- Date: 18–24 April 2022
- Edition: 4th
- Surface: Clay
- Location: Split, Croatia

Champions

Singles
- Christopher O'Connell

Doubles
- Nathaniel Lammons / Albano Olivetti
| Split Open |

= 2022 Split Open =

The 2022 Split Open was a professional tennis tournament played on clay courts. It was part of the 2022 ATP Challenger Tour. It took place in Split, Croatia between 18 and 24 April 2022.
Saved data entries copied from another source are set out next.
Lemma vecE (T : Type) m n (X : 'M[T]_(m, n)) i j (z : 'I_1) :
  vec X (mxtens_index (j, i)) z = X i j.
Proof. by rewrite /vec -mxvec_index_tens mxE [z]ord1 mxvecE mxE. Qed.

Lemma vec_inj (T : Type) m n : injective (@vec T m n).
Proof.
move=> X Y eqXY; apply/matrixP => i j.
by rewrite -(vecE X i j 0) -(vecE Y i j 0) eqXY.
Qed.

Lemma vec0 (F : pzRingType) m n : vec (0 : 'M[F]_(m, n)) = 0.
Proof. by rewrite /vec !linear0. Qed.

Lemma vecD (F : pzRingType) m n (X Y : 'M[F]_(m, n)) : vec (X + Y) = vec X + vec Y.
Proof. by rewrite /vec !linearD. Qed.

Lemma vecZ (F : pzRingType) m n a (X : 'M[F]_(m, n)) : vec (a *: X) = a *: vec X.
Proof. by rewrite /vec !linearZ. Qed.

Lemma sum_mxtens (F : pzRingType) m n (f : 'I_(m * n) -> F) :
  \sum_(k < m * n) f k = \sum_(i < m) \sum_(j < n) f (mxtens_index (i, j)).
Proof.
rewrite pair_big /= (reindex (@mxtens_index m n)) /=; first by apply: eq_bigr => -[].
by exists (@mxtens_unindex m n) => x _; [apply: mxtens_indexK | apply: mxtens_unindexK].
Qed.

Lemma tensmx_vec (F : comPzRingType) m n p q
    (A : 'M[F]_(m, n)) (B : 'M[F]_(p, q)) (X : 'M[F]_(q, n)) :
  tensmx A B *m vec X = vec (B *m X *m A^T).
Proof.
apply/matrixP => k z; case: (mxtens_indexP k) => i1 i2.
rewrite vecE mxE sum_mxtens mxE.
apply: eq_bigr => a _; rewrite !mxE mulr_suml; apply: eq_bigr => b _.
by rewrite tensmxE vecE [RHS]mulrC mulrA.
Qed.

Lemma tensmx_cV (F : comPzRingType) n (x y : 'cV[F]_n) : tensmx x y = vec (y *m x^T).
Proof.
apply/matrixP => c z; case: (mxtens_indexP c) => i j.
have -> : z = mxtens_index (ord0, ord0) by apply: val_inj; case: z => -[].
by rewrite tensmxE vecE !mxE big_ord1 !mxE mulrC.
Qed.

Lemma mulmx_cV_ext (F : pzRingType) a k (M N : 'M[F]_(a, k)) :
  (forall u : 'cV_k, M *m u = N *m u) -> M = N.
Proof.
move=> eqMN; apply/matrixP => i j.
have := congr1 (fun v : 'cV_a => v i 0) (eqMN (delta_mx j 0)).
by rewrite -!colE !mxE.
Qed.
==Singles main-draw entrants==
===Seeds===

| Country | Player | Rank^{1} | Seed |
|---|---|---|---|
| CZE | Zdeněk Kolář | 141 | 1 |
| SRB | Nikola Milojević | 148 | 2 |
| AUS | Christopher O'Connell | 150 | 3 |
| TUR | Altuğ Çelikbilek | 174 | 4 |
| ITA | Thomas Fabbiano | 178 | 5 |
| FRA | Enzo Couacaud | 179 | 6 |
| ARG | Marco Trungelliti | 194 | 7 |
| POL | Kacper Żuk | 200 | 8 |

- Rankings are as of 11 April 2022.

===Other entrants===
The following players received wildcards into the singles main draw:
- CRO Luka Mikrut
- CRO Mili Poljičak
- CRO Dino Prižmić

The following players received entry into the singles main draw as special exempts:
- ARG Marco Trungelliti
- SRB Miljan Zekić

The following players received entry from the qualifying draw:
- ITA Matteo Arnaldi
- BEL Michael Geerts
- ITA Luca Nardi
- SUI Johan Nikles
- Alexander Shevchenko
- HUN Máté Valkusz

==Champions==
===Singles===

- AUS Christopher O'Connell def. HUN Zsombor Piros 6–3, 2–0 ret.

===Doubles===

- USA Nathaniel Lammons / FRA Albano Olivetti def. FRA Sadio Doumbia / FRA Fabien Reboul 4–6, 7–6^{(8–6)}, [10–7].